The Boston Globe

Petra Mathers, author of children’s stories; at 78

- By Penelope Green

Petra Mathers, a Germanborn children’s book illustrato­r and author whose kindly, often bumbling animal characters were nonetheles­s quietly heroic and often risked much for love, died Feb. 6 at her home in Astoria, Ore. She was 78.

Patty Flynn, her executor, said Ms. Mathers and her husband, Michael, a photograph­er, who was 79, took their own lives. There did not appear to be an obvious health concern that precipitat­ed their act, although they had often told friends that they could not live without each other. They were a private, devoted couple, and the timing of their deaths remains a mystery.

With spare, naive images rendered in ink, pencil, and watercolor, Ms.
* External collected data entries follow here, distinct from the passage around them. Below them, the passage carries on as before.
Variable p : nat -> R.
Hypothesis Hp : is_pmf p.
Hypothesis H2 : finite_second_moment p.

Let p_ge0 : forall n, 0 <= p n := proj1 Hp.

Lemma tail_prob_nat (K : nat) : tail_prob p (INR K) = expect p (tail_part K (fun _ => 1)).
Proof.
  apply Series_ext; intros n; unfold tail_part; rewrite Rlt_dec_INR.
  destruct (K <? n)%nat; ring.
Qed.

Lemma mean_excess_nat (K : nat) :
  mean_excess p (INR K) = excess_mass p K / tail_prob p (INR K).
Proof.
  unfold mean_excess; f_equal.
  apply Series_ext; intros n; rewrite Rlt_dec_INR.
  destruct (Nat.ltb_spec K n).
  - rewrite minus_INR by lia; reflexivity.
  - replace (n - K)%nat with 0%nat by lia; simpl; ring.
Qed.

Lemma integrable_one : integrable p (fun _ => 1).
Proof.
  exists 1; apply (is_series_ext p); [intros; simpl; ring|apply Hp].
Qed.

Lemma integrable_tail_indicator (K : nat) : integrable p (tail_part K (fun _ => 1)).
Proof.
  apply (integrable_tail_part p p_ge0); [intros; lra|exact integrable_one].
Qed.

Lemma integrable_INR : integrable p INR.
Proof.
  apply (integrable_dominated p p_ge0 _ (fun n => INR n ^ 2)); [|exact H2].
  intros n; rewrite Rabs_pos_eq by apply pos_INR; apply INR_le_sqr.
Qed.

Lemma integrable_sub_nat (K : nat) : integrable p (fun n => INR (n - K)).
Proof.
  apply (integrable_dominated p p_ge0 _ INR); [|exact integrable_INR].
  intros n; rewrite Rabs_pos_eq by apply pos_INR; apply le_INR; lia.
Qed.

Lemma mean_ge0 : 0 <= mean p.
Proof. exact (expect_ge0 p p_ge0 _ integrable_INR pos_INR). Qed.

Lemma tail_prob_nat_ge0 (K : nat) : 0 <= tail_prob p (INR K).
Proof.
  rewrite tail_prob_nat; apply (expect_ge0 p p_ge0); [apply integrable_tail_indicator|].
  intros n; unfold tail_part; destruct (K <? n)%nat; lra.
Qed.

Lemma excess_mass_ge0 (K : nat) : 0 <= excess_mass p K.
Proof. exact (expect_ge0 p p_ge0 _ (integrable_sub_nat K) (fun n => pos_INR _)). Qed.

Lemma excess_mass_eq0 (K : nat) : tail_prob p (INR K) = 0 -> excess_mass p K = 0.
Proof.
  rewrite tail_prob_nat; intros Hzero.
  assert (no_mass_above : forall n, tail_part K (fun _ => 1) n * p n = 0).
  { apply (expect_eq0_term p p_ge0); [apply integrable_tail_indicator| |exact Hzero].
    intros n; unfold tail_part; destruct (K <? n)%nat; lra. }
  rewrite <- (expect0 p); apply Series_ext; intros n.
  specialize (no_mass_above n); unfold tail_part in no_mass_above.
  destruct (Nat.ltb_spec K n).
  - rewrite Rmult_1_l in no_mass_above; rewrite no_mass_above; ring.
  - replace (n - K)%nat with 0%nat by lia; simpl; ring.
Qed.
Mathers’ stories — whose subjects included a soulful museum guard (an alligator) who falls in love with the subject in a painting (another alligator), and a warmhearte­d chicken named Lottie and her best friend, Herbie, a duck — were just as sparely written, but imbued with sly humor and wit, captivatin­g both her 8-and-younger audience and their parents.
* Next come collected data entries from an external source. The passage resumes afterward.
Lemma BC_swap_position : x \in B -> y \in C -> j' < 2 * m.
Proof.
move=> xB yC; suff : m <= n - j'.+1 by have := ltn_ord j'; lia.
apply: (@leq_block_window n P t 0) => [||a ha]; [lia | by [] |].
have hay : pos 0 a < pos 0 y by move: yC; rewrite C_init; lia.
have aA : a \in A by rewrite A_init; lia.
have [s sN sw_s] := exists_swap P_step P_last hay.
have st : s < t.
  by apply: (AC_before_BC sN tN sw_s aA yC _ xB yC); rewrite (swapsE _ _ sw) eqxx.
have := (mem_inversions P_step P_last (ltnW tN) hay).2 (ex_intro2 _ _ s st sw_s).
by rewrite inE /= posK ltn_ord andbT; lia.
Qed.

Lemma bichromatic_at_k k : j' = k :> nat -> k <= m ->
  ~~ same_class A B C x y + (y \in A) + (x \in C) = (x \in A) + (y \in C).
Proof.
move=> jk km; have jj' : j' = j.+1 :> nat by case/andP: sw => /eqP.
have fw := swap_forward P_step P_last tN sw; have := AC_swap_position.
by rewrite /same_class !A_init !B_init !C_init; lia.
Qed.

Lemma bichromatic_at_nk k : j' = n - k :> nat -> 1 <= k <= m ->
  ~~ same_class A B C x y + (y \in A) = (x \in A).
Proof.
move=> jk km; have fw := swap_forward P_step P_last tN sw.
have := AB_swap_position; have := BC_swap_position.
by rewrite /same_class !A_init !B_init !C_init; lia.
Qed.

End Step.

Definition bichromatic_swap k t : bool :=
  [exists j, exists j', exists x, exists y,
     [&& swaps_at P t j j' x y, (val j' == k) || (val j' == n - k) & ~~ same_class A B C x y]].

Lemma bichromatic_swapE k t j j' : adj_swap (P t) (P t.+1) j j' ->
  bichromatic_swap k t =
  ((j' == k :> nat) || (j' == n - k :> nat)) && ~~ same_class A B C (P t j) (P t j').
Proof.
move=> sw; apply/existsP/andP => [[j0 /existsP[j0' /existsP[u /existsP[v]]]]|[crit bi]].
  case/and3P => /andP[sw0 uv] crit bi; have [e0 e0'] := adj_swap_uniq sw sw0; subst j0 j0'.
  by split=> //; case/orP: uv => /andP[/eqP-> /eqP->]; rewrite // same_classC.
exists j; apply/existsP; exists j'; apply/existsP; exists (P t j); apply/existsP; exists (P t j').
by rewrite /swaps_at sw !eqxx crit bi.
Qed.

Lemma bichromatic_swap_step k t : 1 <= k <= m -> t < 'C(n, 2) ->
  bichromatic_swap k t + prefix_count P t.+1 k A + prefix_count P t.+1 (n - k) A
    + prefix_count P t k C =
  prefix_count P t k A + prefix_count P t (n - k) A + prefix_count P t.+1 k C.
Proof.
move=> km tN; have [j [j' sw]] := P_step tN.
have := prefix_count_step k A sw; have := prefix_count_step (n - k) A sw.
have := prefix_count_step k C sw.
have := bichromatic_at_k (k := k) tN sw; have := bichromatic_at_nk (k := k) tN sw.
rewrite (bichromatic_swapE k sw).
(* The memberships below occur in convertible but syntactically different forms. *)
move: (P t j \in A) (P t j' \in A) (P t j \in C) (P t j' \in C) => xA yA xC yC.
lia.
Qed.

Lemma count_bichromatic_swaps k T : 1 <= k <= m -> T <= 'C(n, 2) ->
  count (bichromatic_swap k) (iota 0 T) + prefix_count P T k A + prefix_count P T (n - k) A
    + prefix_count P 0 k C =
  prefix_count P 0 k A + prefix_count P 0 (n - k) A + prefix_count P T k C.
Proof.
move=> km; elim: T => [_|T IHT TN]; first by rewrite /=; lia.
have -> : iota 0 T.+1 = iota 0 T ++ [:: T] by rewrite -addn1 iotaD.
rewrite count_cat /=; have := IHT (ltnW TN); have := bichromatic_swap_step km TN; lia.
Qed.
“Here is the story of a chicken who flees the coop,” Carol Brightman wrote in 1985 in a New York Times review of Ms. Mathers’ first book, “Maria Theresa,” a tale of a dreamy fowl who has all sorts of adventures. “You know the type. No ordinary laying hen, this one sometimes stops ‘in mid-peck as if listening to faraway voices.’”
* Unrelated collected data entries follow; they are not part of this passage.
(* Let ${\bf S}\in\{{\bf Tmd},{\bf Tm4d}\}$. Then for every $n\geq 3$, the formula $\gamma(n)$ is not a theorem of ${\bf S}$.
   Context: Formulas are built from a denumerable set of propositional variables $p_1,p_2,\ldots$ by the unary connectives $\neg$, $\Box$ and the binary connective $\to$; $For$ is the set of all formulas. Abbreviations: $\Diamond\alpha:=\neg\Box\neg\alpha$, $\alpha\vee\beta:=\neg\alpha\to\beta$. For formulas $\alpha_1,\ldots,\alpha_k$ ($k\ge 2$), $\bigvee\{\alpha_1,\ldots,\alpha_k\}:=((\ldots((\alpha_1\vee\alpha_2)\vee\alpha_3)\vee\ldots)\vee\alpha_k)$. For $n\geq 3$: $\alpha(n)=\bigvee\{p_j: 1\le j\le n\}$, $\beta_i(n)=\bigvee\{p_j:1\le j\le n,\ j\ne i\}$ for $1\le i\le n$, and $\gamma(n)=\bigvee\{\Box\neg\Box\alpha(n)\to\Box\neg\Box\beta_i(n): 1\le i\le n\}$. ${\bf Tmd}$ is the Hilbert calculus whose axioms are all instances (over $For$) of the axiom schemas of a standard Hilbert calculus for classical propositional logic in the signature $\{\neg,\to\}$, plus all instances of: (K) $\Box(\alpha\to\beta)\to(\Box\alpha\to\Box\beta)$; (Kdet) $\Box(\alpha\to\beta)\to(\Diamond\alpha\to\Box\beta)$; (K2) $\Diamond(\alpha\to\beta)\to(\Box\alpha\to\Diamond\beta)$; (M1) $\neg\Diamond\alpha\to\Box(\alpha\to\beta)$; (M2) $\Box\beta\to\Box(\alpha\to\beta)$; (M3) $\Diamond\beta\to\Diamond(\alpha\to\beta)$; (M4) $\Diamond\neg\alpha\to\Diamond(\alpha\to\beta)$; (T) $\Box\alpha\to\alpha$; (DN1) $\Box\alpha\to\Box\neg\neg\alpha$; (DN2) $\Box\neg\neg\alpha\to\Box\alpha$; modus ponens is the only rule. ${\bf Tm4d}$ (also written ${\bf T4md}$) is ${\bf Tmd}$ plus (4) $\Box\alpha\to\Box\Box\alpha$. *)

From Stdlib Require Import List Arith.
Import ListNotations.

Inductive form : Type :=
| Var : nat -> form
| Neg : form -> form
| Box : form -> form
| Imp : form -> form -> form.

Definition Dia (a : form) : form := Neg (Box (Neg a)).
Definition Or (a b : form) : form := Imp (Neg a) b.

(* Left-nested big disjunction: bigor [a1;...;ak] = ((a1 ∨ a2) ∨ ...) ∨ ak.
   (Only used with k >= 2; the value on [] is irrelevant.) *)
Definition bigor (l : list form) : form :=
  match l with
  | [] => Var 0
  | a :: t => fold_left Or t a
  end.

Definition alpha (n : nat) : form := bigor (map Var (seq 1 n)).

Definition beta (n i : nat) : form :=
  bigor (map Var (filter (fun j => negb (Nat.eqb j i)) (seq 1 n))).

Definition gamma (n : nat) : form :=
  bigor (map (fun i => Imp (Box (Neg (Box (alpha n)))) (Box (Neg (Box (beta n i)))))
             (seq 1 n)).

(* Axioms of Tmd: a standard Hilbert calculus for classical propositional
   logic in {¬,→} (Mendelson's A1–A3), plus the modal schemas. *)
Inductive TmdAx : form -> Prop :=
| A1 a b : TmdAx (Imp a (Imp b a))
| A2 a b c : TmdAx (Imp (Imp a (Imp b c)) (Imp (Imp a b) (Imp a c)))
| A3 a b : TmdAx (Imp (Imp (Neg b) (Neg a)) (Imp (Imp (Neg b) a) b))
| AxK a b : TmdAx (Imp (Box (Imp a b)) (Imp (Box a) (Box b)))
| AxKdet a b : TmdAx (Imp (Box (Imp a b)) (Imp (Dia a) (Box b)))
| AxK2 a b : TmdAx (Imp (Dia (Imp a b)) (Imp (Box a) (Dia b)))
| AxM1 a b : TmdAx (Imp (Neg (Dia a)) (Box (Imp a b)))
| AxM2 a b : TmdAx (Imp (Box b) (Box (Imp a b)))
| AxM3 a b : TmdAx (Imp (Dia b) (Dia (Imp a b)))
| AxM4 a b : TmdAx (Imp (Dia (Neg a)) (Dia (Imp a b)))
| AxT a : TmdAx (Imp (Box a) a)
| AxDN1 a : TmdAx (Imp (Box a) (Box (Neg (Neg a))))
| AxDN2 a : TmdAx (Imp (Box (Neg (Neg a))) (Box a)).

Inductive Tm4dAx : form -> Prop :=
| Tm4d_Tmd a : TmdAx a -> Tm4dAx a
| Ax4 a : Tm4dAx (Imp (Box a) (Box (Box a))).

Inductive Prov (Ax : form -> Prop) : form -> Prop :=
| Prov_ax a : Ax a -> Prov Ax a
| Prov_mp a b : Prov Ax (Imp a b) -> Prov Ax a -> Prov Ax b.

From Stdlib Require Import List Arith Bool Lia.
Import ListNotations.

(* Interpret [□φ] as "φ is strongly true", where strong truth and strong
   falsity are syntactic properties defined by mutual recursion, [□φ] being
   strongly false only when φ is not strongly true and passes a refutability
   test.  For every valuation of the variables and every refutability test,
   all axioms of Tm4d are true and modus ponens preserves truth.  Take all
   variables false and call φ refutable when it mentions each of p_1, ...,
   p_n: then □¬□α(n) is true, but each □¬□β_i(n) is false because β_i(n)
   misses p_i, so γ(n) is false. *)

Section StrongTruth.

Variable v : nat -> bool.
Variable refutable : form -> bool.

Fixpoint strong_true (a : form) : bool :=
  match a with
  | Var _ => false
  | Neg a => strong_false a
  | Box a => strong_true a
  | Imp a b => strong_false a || strong_true b
  end
with strong_false (a : form) : bool :=
  match a with
  | Var _ => false
  | Neg a => strong_true a
  | Box a => negb (strong_true a) && refutable a
  | Imp a b => strong_true a && strong_false b
  end.

Fixpoint eval (a : form) : bool :=
  match a with
  | Var j => v j
  | Neg a => negb (eval a)
  | Box a => strong_true a
  | Imp a b => negb (eval a) || eval b
  end.

Lemma strong_true_false_eval (a : form) :
  (strong_true a = true -> eval a = true) /\
  (strong_false a = true -> eval a = false).
Proof.
  induction a as [j | a [IHt IHf] | a [IHt IHf] | a [IHat IHaf] b [IHbt IHbf]];
    simpl.
  - split; discriminate.
  - split; intro H; [rewrite IHf | rewrite IHt]; auto.
  - split; [auto |].
    intro H; apply andb_true_iff in H as [H _]; apply negb_true_iff, H.
  - split; intro H.
    + apply orb_true_iff in H as [H | H];
        [rewrite IHaf | rewrite IHbt, orb_true_r]; auto.
    + apply andb_true_iff in H as [Ha Hb]; rewrite IHat, IHbf; auto.
Qed.

Lemma strong_true_eval (a : form) : strong_true a = true -> eval a = true.
Proof. apply strong_true_false_eval. Qed.

Lemma strong_false_eval (a : form) : strong_false a = true -> eval a = false.
Proof. apply strong_true_false_eval. Qed.

Lemma Tm4dAx_eval (a : form) : Tm4dAx a -> eval a = true.
Proof.
  intros [a' Hax | a']; [destruct Hax |]; simpl;
    repeat match goal with
    | |- context [strong_true ?x] =>
        generalize (strong_true_eval x); destruct (strong_true x)
    | |- context [strong_false ?x] =>
        generalize (strong_false_eval x); destruct (strong_false x)
    | |- context [eval ?x] => destruct (eval x)
    end; simpl; intuition discriminate.
Qed.

Lemma Prov_eval (S : form -> Prop) (a : form) :
  (forall b, S b -> Tm4dAx b) -> Prov S a -> eval a = true.
Proof.
  intros HS H; induction H as [a Ha | a b _ IHab _ IHa].
  - apply Tm4dAx_eval, HS, Ha.
  - simpl in IHab; rewrite IHa in IHab; exact IHab.
Qed.

Lemma eval_bigor (l : list form) : l <> [] -> eval (bigor l) = existsb eval l.
Proof.
  destruct l as [| a l]; [easy |]; intros _; simpl.
  revert a; induction l as [| b l IH]; intro a; simpl.
  - now rewrite orb_false_r.
  - now rewrite IH; simpl; rewrite negb_involutive, orb_assoc.
Qed.

End StrongTruth.

Fixpoint occurs (j : nat) (a : form) : bool :=
  match a with
  | Var k => Nat.eqb j k
  | Neg a | Box a => occurs j a
  | Imp a b => occurs j a || occurs j b
  end.

Definition mentions_all (n : nat) (a : form) : bool :=
  forallb (fun j => occurs j a) (seq 1 n).

Lemma occurs_bigor (j : nat) (l : list form) :
  l <> [] -> occurs j (bigor l) = existsb (occurs j) l.
Proof.
  destruct l as [| a l]; [easy |]; intros _; simpl.
  revert a; induction l as [| b l IH]; intro a; simpl.
  - now rewrite orb_false_r.
  - now rewrite IH; simpl; rewrite orb_assoc.
Qed.

(* [bigor []] is [Var 0], hence the restriction to [j <> 0]. *)
Lemma occurs_bigor_Var (j : nat) (l : list nat) :
  j <> 0 -> occurs j (bigor (map Var l)) = existsb (Nat.eqb j) l.
Proof.
  intro Hj; destruct l as [| k l].
  - now destruct j.
  - rewrite occurs_bigor by discriminate.
    now induction (k :: l) as [| m l' IH]; simpl; [| rewrite IH].
Qed.

Lemma mentions_all_alpha (n : nat) : mentions_all n (alpha n) = true.
Proof.
  apply forallb_forall; intros j Hj; apply in_seq in Hj; unfold alpha.
  rewrite occurs_bigor_Var by lia.
  apply existsb_exists; exists j; split.
  - apply in_seq; lia.
  - apply Nat.eqb_refl.
Qed.

Lemma mentions_all_beta (n i : nat) :
  1 <= i <= n -> mentions_all n (beta n i) = false.
Proof.
  intro Hi; apply not_true_iff_false; intro H.
  assert (Hocc : occurs i (beta n i) = true)
    by (apply (proj1 (forallb_forall _ _) H), in_seq; lia).
  unfold beta in Hocc; rewrite occurs_bigor_Var in Hocc by lia.
  apply existsb_exists in Hocc as [k [Hk Hik]].
  apply filter_In in Hk as [_ Hk]; apply Nat.eqb_eq in Hik; subst k.
  now rewrite Nat.eqb_refl in Hk.
Qed.

Lemma eval_alpha_false (refutable : form -> bool) (n : nat) :
  eval (fun _ => false) refutable (alpha n) = false.
Proof.
  destruct n as [| n]; [reflexivity |].
  unfold alpha; rewrite eval_bigor by discriminate.
  now induction (seq 1 (S n)).
Qed.

Lemma eval_gamma_false (n : nat) :
  1 <= n -> eval (fun _ => false) (mentions_all n) (gamma n) = false.
Proof.
  intro Hn; apply not_true_iff_false; intro H.
  unfold gamma in H.
  rewrite eval_bigor in H by (destruct n; [lia | discriminate]).
  apply existsb_exists in H as [d [Hd H]].
  apply in_map_iff in Hd as [i [<- Hi]]; apply in_seq in Hi.
  assert (Halpha : strong_true (mentions_all n) (alpha n) = false).
  { apply not_true_iff_false; intro Ht.
    apply strong_true_eval with (v := fun _ => false) in Ht.
    now rewrite eval_alpha_false in Ht. }
  simpl in H.
  now rewrite Halpha, mentions_all_alpha, mentions_all_beta, andb_false_r in H
    by lia.
Qed.

Theorem mainTheorem16 :
  forall S : form -> Prop, (S = TmdAx \/ S = Tm4dAx) ->
  forall n : nat, 3 <= n -> ~ Prov S (gamma n).
Proof.
  intros S HS n Hn Hprov.
  assert (HSax : forall a, S a -> Tm4dAx a)
    by (destruct HS; subst; [exact Tm4d_Tmd | trivial]).
  pose proof (Prov_eval (fun _ => false) (mentions_all n) S (gamma n) HSax Hprov)
    as Heval.
  now rewrite eval_gamma_false in Heval by lia.
Qed.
Ms. Mathers’ prose and her “flat, old-fashioned cutout surrealism” combined “an attention to both the commonplac­e and the arcane which marks the best of children’s literature,” Brightman wrote. “The book’s final tableau of circus folk (and fowl) dancing the Tango Argentine outside Miss Lola’s Airstream is a triumph of this vision. What else but a hopelessly romantic chicken, one that never forgets to lay the morning egg, could bring us such a show.”

Other reviewers compared the loopily unfurling tale to a Federico Fellini film.

Ms. Mathers had already written four books when she began her Lottie series in the late 1990s. An interviewe­r asked her: Why focus on chickens? “I can make them move, draw them to express feelings,” she replied, adding: “Lottie is my role model. Even though it seems that I am inventing her, she already exists in all of us when we are at our best.”

“When Aunt Mattie Got Her Wings” (2014), Ms. Mathers’ last book, foreshadow­ed one of her last acts, a decade later.

Mattie is Lottie’s beloved aunt; here she is 99 years old, and dying, and Lottie travels to the hospital to say goodbye. Aunt Mattie wakes up to greet her. “They’re expecting me upstairs, but I told them I was waiting for you,” she says. “Oh Lottie, what fun we’ve had.”

And off Aunt Mattie goes. It’s not clear where, but there’s an airplane waiting for her — a flight on “Out of This World Airlines” — and lots of other chickens. Everyone looks pretty happy. Back home, Lottie finds a note waiting for her.

“By the time you read this I will be dead,” it says, “and I imagine you’re feeling a little down in the beak. That’s why I’m writing this letter. I’ve had a long and happy life doing what I love best.” Aunt Mattie adds, “Now it’s time to make room for someone else on this earth.”

Petra Tollens was born March 25, 1945, in Todtmoos, Germany, a small town in the Black Forest, and grew up first in Stuttgart and then in Wiesbaden, where her father, Ernst Tollens, was a representa­tive for a Champagne firm; her mother, Carola (Glass) Tollens, worked part time in an office.

“I was always drawing for as long as I can remember, but not well,” she told Dilys Evans, author of “Show and Tell: Exploring the Fine Art of Children’s Illustrati­on” (2008). After high school, she worked in a bookstore and for a publisher of encycloped­ias before moving to Oregon in the mid-1960s with her husband at the time, Eberhard Richter. She worked as a server and painted, exhibiting her work in local galleries. She later met Mathers in what was by all accounts a coup de foudre; they were married in 1980.

Over the decades, Ms. Mathers illustrate­d more than 30 children’s books — a process she described as “visiting,” requiring “a certain politeness, considerat­ion and modesty” — and wrote 10 titles of her own.

Ms. Mathers leaves her son, Tillman Richter; a grandson; and her brother, Gero Gerweck. Her marriages to Richter and David Spence ended in divorce.